The approach: Determine the date when it will emerge (sowing +5 days) For that date determine available water in the 0-50 soil layer Then cacluate how much rain from that daye for the next 2 month Then add the available water + the rain to estimate CC_available water
# Extract soil water (PAW) at time of cover crop sowing
# PAW_50_sowCC = Soil.Water.PAWmm.1. value on the day of CC sowing
library(dplyr)
# Step 1: Calculate DOY for sowing_CC in dates_mat
dates_mat$sowing_DOY <- as.numeric(format(dates_mat$sowing_CC, "%j"))

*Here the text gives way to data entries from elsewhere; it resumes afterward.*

(* Let $\mathcal{N}^+$ be a (metric or topological) rooted network on $X$ and let $Z\subseteq X$ with $|Z|\ge 2$. For every $x\in Z$ there is $y\in Z$ such that $\mathrm{MRCA}(\{x,y\})=\mathrm{MRCA}(Z)$.
   Context: Rooted network on $X$: connected directed acyclic graph without loops (at most two parallel edges allowed) with a root $r$ (indegree 0, outdegree 2), leaves bijectively labeled by $X$ (indegree 1, outdegree 0), tree nodes (indegree 1, outdegree 2) and hybrid nodes (indegree 2, outdegree 1). A node $v$ is above $u$ if there is a nonempty directed path from $v$ to $u$. For nonempty $Z\subseteq X$, let $D$ be the set of nodes lying on every directed path from $r$ to any $z\in Z$; $D$ is totally ordered by ''above'', and $\mathrm{MRCA}(Z)$ is the lowest element of $D$. *)

From mathcomp Require Import all_boot.
Set Implicit Arguments. Unset Strict Implicit. Unset Printing Implicit Defensive.

Section Net.
Variables (V X : finType).

(* A directed multigraph on the finite node set V: [mult u v] is the number
   of parallel edges from u to v. *)
Definition edge (mult : V -> V -> nat) : rel V := fun u v => 0 < mult u v.
Definition indeg (mult : V -> V -> nat) (v : V) : nat := \sum_(u : V) mult u v.
Definition outdeg (mult : V -> V -> nat) (v : V) : nat := \sum_(u : V) mult v u.

Definition above (mult : V -> V -> nat) (v u : V) : Prop :=
  exists p : seq V, p != [::] /\ path (edge mult) v p /\ last v p = u.

Definition rooted_network (mult : V -> V -> nat) (r : V) (lab : X -> V) : Prop :=
  (forall u v, mult u v <= 2) /\ (forall v, mult v v = 0) /\
  (forall v, ~ above mult v v) /\
  (forall u v, connect (fun a b => edge mult a b || edge mult b a) u v) /\
  indeg mult r = 0 /\ outdeg mult r = 2 /\
  injective lab /\ (forall x, indeg mult (lab x) = 1 /\ outdeg mult (lab x) = 0) /\
  (forall v, v = r \/ (exists x, v = lab x) \/
             (indeg mult v = 1 /\ outdeg mult v = 2) \/
             (indeg mult v = 2 /\ outdeg mult v = 1)).

(* w lies on every directed path from r to every z in Z
   (a path from r to z is the node sequence r :: p) *)
Definition in_D (mult : V -> V -> nat) (r : V) (lab : X -> V) (Z : {set X}) (w : V) : Prop :=
  forall z, z \in Z -> forall p : seq V, path (edge mult) r p -> last r p = lab z ->
    w \in r :: p.

Definition is_MRCA (mult : V -> V -> nat) (r : V) (lab : X -> V) (Z : {set X}) (m : V) : Prop :=
  in_D mult r lab Z m /\ (forall w, in_D mult r lab Z w -> w = m \/ above mult w m).

End Net.

From mathcomp Require Import all_boot zify.
From Stdlib Require Import Classical.
Set Implicit Arguments. Unset Strict Implicit. Unset Printing Implicit Defensive.

(* Let m be a lowest element of D(Z); it differs from the leaf of x, as a leaf
   has no successor on a path to another leaf.  Among the nodes strictly below
   m lying on every path to x, take a highest one, c.  As c is below m it is not
   in D(Z), so some path from the root to a leaf y in Z avoids c.  An element w
   of D({x,y}) strictly below m lies in D({x}), hence strictly below c by the
   choice of c; then the avoiding path to y followed by the path from w to x
   avoids c too, contradicting c in D({x}). *)

Lemma ex_minimizer (T : Type) (P : T -> Prop) (f : T -> nat) :
  (exists v, P v) -> exists m, P m /\ forall w, P w -> f m <= f w.
Proof.
case=> v; move: {2}(f v) (erefl (f v)) => n; elim/ltn_ind: n v => n IH v hfv hv.
case: (classic (exists w, P w /\ f w < n)) => [[w [hw hlt]] | hmin].
  exact: IH hlt w erefl hw.
exists v; split=> // w hw; rewrite hfv leqNgt; apply/negP => hlt.
by apply: hmin; exists w.
Qed.

Lemma rooted_network_indeg_gt0 (V X : finType) (mult : V -> V -> nat) r
    (lab : X -> V) :
  rooted_network mult r lab -> forall v, v != r -> 0 < indeg mult v.
Proof.
case=> [_ [_ [_ [_ [_ [_ [_ [hleaf hcls]]]]]]]] v hvr.
case: (hcls v) => [hv | [[z ->] | [[-> _] | [-> _]]]] //.
  by rewrite hv eqxx in hvr.
by rewrite (hleaf z).1.
Qed.

Section Dag.
Variables (V : finType) (mult : V -> V -> nat).
Local Notation e := (edge mult).
Local Notation above := (above mult).

Lemma above_connect u v : above u v -> connect e u v.
Proof. by case=> p [_ [hp hl]]; apply/connectP; exists p. Qed.

Lemma connect_above u v : connect e u v -> u != v -> above u v.
Proof.
case/connectP=> p hp hl huv; exists p; split=> //.
by case: p hp hl => //= _ hl; rewrite hl eqxx in huv.
Qed.

Lemma above_connect_trans u v w : above u v -> connect e v w -> above u w.
Proof.
case=> p [hn [hp hl]] /connectP [q hq hlq]; exists (p ++ q); split.
  by case: p hn {hp hl}.
by rewrite cat_path last_cat hp hl hq.
Qed.

Lemma edge_above u v : e u v -> above u v.
Proof. by move=> huv; exists [:: v]; rewrite /= huv. Qed.

Lemma path_mem_connect x0 p u v : path e x0 p -> u \in x0 :: p -> v \in x0 :: p ->
  connect e u v || connect e v u.
Proof.
elim: p x0 => [|y p IH] x0 /=.
  by move=> _; rewrite !inE => /eqP -> /eqP ->; rewrite connect0.
move=> /andP [hxy hp]; have hcx := path_connect (e := e) (x := x0) (p := y :: p).
rewrite /= hxy hp in hcx.
rewrite in_cons => /orP [/eqP -> | hu]; rewrite in_cons => /orP [/eqP -> | hv].
- by rewrite connect0.
- by rewrite hcx // in_cons hv orbT.
- by rewrite hcx ?orbT // in_cons hu orbT.
- exact: IH hp hu hv.
Qed.

Lemma path_mem_edge x0 p w : path e x0 p -> w \in x0 :: p -> w != last x0 p ->
  exists s, e w s.
Proof.
elim: p x0 => [|y p IH] x0 /=.
  by move=> _; rewrite inE => /eqP ->; rewrite eqxx.
move=> /andP [hxy hp]; rewrite in_cons => /orP [/eqP -> | hw] hl.
  by exists y.
exact: IH hp hw hl.
Qed.

Hypothesis acyclic : forall v, ~ above v v.

Definition ancestors v := [set u | (u != v) && connect e u v].

Lemma above_card_ancestors u v : above u v -> #|ancestors u| < #|ancestors v|.
Proof.
move=> huv; apply: proper_card; apply/properP; split.
  apply/subsetP=> a; rewrite !inE => /andP [hau hcu].
  rewrite (connect_trans hcu (above_connect huv)) andbT.
  by apply/eqP=> hav; subst a; apply: (acyclic (above_connect_trans huv hcu)).
exists u; rewrite !inE ?eqxx // (above_connect huv) andbT.
by apply/eqP=> huv'; subst; exact: acyclic huv.
Qed.

Lemma ex_lowest (P : V -> Prop) :
  (exists v, P v) -> exists m, P m /\ forall c, above m c -> ~ P c.
Proof.
move=> /(ex_minimizer (fun w => #|V| - #|ancestors w|)) [m [hm hmin]].
exists m; split=> // c hmc hc.
have := above_card_ancestors hmc; have := hmin c hc.
have := max_card (ancestors c); lia.
Qed.

Lemma ex_highest (P : V -> Prop) :
  (exists v, P v) -> exists c, P c /\ forall w, above w c -> ~ P w.
Proof.
move=> /(ex_minimizer (fun w => #|ancestors w|)) [c [hc hmin]].
exists c; split=> // w hwc hw.
by have := hmin w hw; rewrite leqNgt (above_card_ancestors hwc).
Qed.

Lemma connect_from_root r :
  (forall v, v != r -> 0 < indeg mult v) -> forall v, connect e r v.
Proof.
move=> hin; apply/forallP/contraT; rewrite negb_forall => /existsP hex.
have [v [hv hhigh]] := ex_highest hex.
have hvr : v != r by apply: contraNneq hv => ->; rewrite connect0.
have [u hu] : exists u, e u v.
  move: (hin v hvr); rewrite lt0n sum_nat_eq0 negb_forall => /existsP [u].
  by rewrite /= -lt0n; exists u.
case: (hhigh u (edge_above hu)).
by apply: contraNN hv => hru; exact: connect_trans hru (connect1 hu).
Qed.

Section Mrca.
Variables (X : finType) (r : V) (lab : X -> V).
Hypothesis root_connect : forall v, connect e r v.
Local Notation in_D := (in_D mult r lab).

Lemma in_D_root (W : {set X}) : in_D W r.
Proof. by move=> z _ p _ _; exact: mem_head. Qed.

Lemma in_D_lab x : in_D [set x] (lab x).
Proof. by move=> z; rewrite inE => /eqP -> p _ <-; exact: mem_last. Qed.

Lemma in_D_subset (W W' : {set X}) w : W' \subset W -> in_D W w -> in_D W' w.
Proof. by move=> /subsetP hWW' hw z /hWW'; exact: hw. Qed.

Lemma in_D_connect (W : {set X}) x w : x \in W -> in_D W w -> connect e w (lab x).
Proof.
move=> xW hw; case/connectP: (root_connect (lab x)) => p hp /esym hl.
have hwp := hw x xW p hp hl; move: hp hl; case/splitPl: hwp => p1 p2 hl1.
by rewrite cat_path last_cat hl1 => /andP [_ hp2] <-; apply/connectP; exists p2.
Qed.

Lemma in_D_comparable (W : {set X}) x u v : x \in W -> in_D W u -> in_D W v -> u != v ->
  above u v \/ above v u.
Proof.
move=> xW hu hv huv; case/connectP: (root_connect (lab x)) => p hp /esym hl.
case/orP: (path_mem_connect hp (hu x xW p hp hl) (hv x xW p hp hl)) => hc.
  by left; exact: connect_above hc huv.
by right; apply: connect_above hc _; rewrite eq_sym.
Qed.

Lemma lowest_is_MRCA (W : {set X}) x m : x \in W -> in_D W m ->
  (forall c, above m c -> ~ in_D W c) -> is_MRCA mult r lab W m.
Proof.
move=> xW hm hlow; split=> // w hw.
case: (eqVneq w m) => [-> | hwm]; [by left | right].
case: (in_D_comparable xW hw hm hwm) => // hmw.
by case: (hlow w hmw hw).
Qed.

Lemma leaf_notin_D (W : {set X}) x y : outdeg mult (lab x) = 0 -> injective lab ->
  y \in W -> y != x -> ~ in_D W (lab x).
Proof.
move=> hout inj yW hyx hx; case/connectP: (root_connect (lab y)) => p hp /esym hl.
have [|s hs] := path_mem_edge hp (hx y yW p hp hl).
  by rewrite hl; apply: contra hyx => /eqP /inj ->.
move/eqP: hout; rewrite sum_nat_eq0 => /forallP /(_ s) /=.
by rewrite eqn0Ngt => /negP; apply.
Qed.

Lemma notin_D_avoiding_path (W : {set X}) c : ~ in_D W c ->
  exists2 y, y \in W & exists2 q, path e r q /\ last r q = lab y & c \notin r :: q.
Proof.
move=> hc; apply: NNPP => hno; apply: hc => z zW q hq hl.
apply/negPn/negP => hcq; apply: hno; exists z => //; by exists q.
Qed.

(* Splice [q] up to [w] with a path from [w] to the leaf of [x]; the latter
   part avoids [c] because [c] is above [w]. *)
Lemma in_D1_above_mem x c w q : in_D [set x] c -> in_D [set x] w -> above c w ->
  path e r q -> w \in r :: q -> c \in r :: q.
Proof.
move=> hc hw hcw hq hwq.
case/connectP: (in_D_connect (set11 x) hw) => p2 hp2 /esym hl2.
case/splitPl: hwq hq => q1 q2 hl1; rewrite cat_path => /andP [hq1 _].
have : c \in r :: q1 ++ p2.
  by apply: (hc x (set11 x)); rewrite ?cat_path ?last_cat hl1 ?hq1.
rewrite -!cat_cons !mem_cat => /orP [-> // | hcp2].
case: (acyclic (above_connect_trans hcw _)).
by apply: (path_connect hp2); rewrite in_cons hcp2 orbT.
Qed.

Lemma lowest_pair_witness (Z : {set X}) x m : x \in Z -> in_D Z m ->
  (forall c, above m c -> ~ in_D Z c) -> m != lab x ->
  exists2 y, y \in Z & forall w, above m w -> ~ in_D [set x; y] w.
Proof.
move=> xZ hm hlow hmx.
have hmlab : above m (lab x) := connect_above (in_D_connect xZ hm) hmx.
have [c [[hcx hmc] hhigh]] : exists c, (in_D [set x] c /\ above m c) /\
    forall w, above w c -> ~ (in_D [set x] w /\ above m w).
  by apply: ex_highest; exists (lab x); split=> //; exact: in_D_lab.
have [y yZ [q [hq hlq] hcq]] := notin_D_avoiding_path (hlow c hmc).
exists y => // w hmw hw.
have hwx : in_D [set x] w by apply: in_D_subset hw; rewrite sub1set set21.
have hwq : w \in r :: q := hw y (set22 x y) q hq hlq.
have hcw : c != w by apply: contraNneq hcq => ->.
case: (in_D_comparable (set11 x) hcx hwx hcw) => [hcw' | hwc].
  by move: hcq; rewrite (in_D1_above_mem hcx hwx hcw' hq hwq).
exact: hhigh w hwc (conj hwx hmw).
Qed.

End Mrca.
End Dag.

Theorem mainTheorem5 (V X : finType) (mult : V -> V -> nat) (r : V) (lab : X -> V)
  (Z : {set X}) :
  rooted_network mult r lab -> 2 <= #|Z| ->
  forall x, x \in Z ->
    exists y, y \in Z /\
      exists m, is_MRCA mult r lab Z m /\ is_MRCA mult r lab [set x; y] m.
Proof.
move=> hnet hZ x xZ.
have [_ [_ [acyc [_ [_ [_ [inj [hleaf _]]]]]]]] := hnet.
have hreach := connect_from_root acyc (rooted_network_indeg_gt0 hnet).
have [m [hm hlow]] : exists m, in_D mult r lab Z m /\
    forall c, above mult m c -> ~ in_D mult r lab Z c.
  by apply: (ex_lowest acyc); exists r; exact: in_D_root.
have hmx : m != lab x.
  have /card_gt0P [y] : 0 < #|Z :\ x| by move: hZ; rewrite (cardsD1 x) xZ.
  rewrite !inE => /andP [hyx yZ].
  by apply/eqP=> hmx; apply: (leaf_notin_D hreach (hleaf x).2 inj yZ hyx); rewrite -hmx.
have [y yZ hylow] := lowest_pair_witness acyc hreach xZ hm hlow hmx.
exists y; split=> //; exists m; split; first exact: (lowest_is_MRCA hreach xZ hm hlow).
apply: (lowest_is_MRCA hreach (set21 x y) _ hylow).
by apply: in_D_subset hm; rewrite subUset !sub1set xZ yZ.
Qed.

# Step 2: Initialize PAW_50_sowCC variable
dates_mat$PAW_50_sowCC <- NA_real_
# Step 3: For each row where sowing_in_range = TRUE, find matching daily data
for (i in 1:nrow(dates_mat)) {
# Only process rows where CC was sown (sowing_in_range = TRUE)
if (!is.na(dates_mat$sowing_in_range[i]) && dates_mat$sowing_in_range[i] == TRUE) {
# Get point_season and sowing_DOY for this row
ps <- dates_mat$point_season[i]
doy <- dates_mat$sowing_DOY[i]
# Find matching row in daily data
match_row <- daily %>%
filter(point_season == ps & DOY == doy) %>%
select(Soil.Water.PAWmm.1.)
# Extract the value if found
if (nrow(match_row) > 0) {
dates_mat$PAW_50_sowCC[i] <- match_row$Soil.Water.PAWmm.1.[1] # Take first match if multiple
}
}
}
# Summary
cat("=== PAW_50_sowCC Results ===\n")
## === PAW_50_sowCC Results ===
cat("Rows with sowing_in_range = TRUE:", sum(dates_mat$sowing_in_range, na.rm = TRUE), "\n")
## Rows with sowing_in_range = TRUE: 1878
cat("Rows with PAW_50_sowCC value found:", sum(!is.na(dates_mat$PAW_50_sowCC)), "\n")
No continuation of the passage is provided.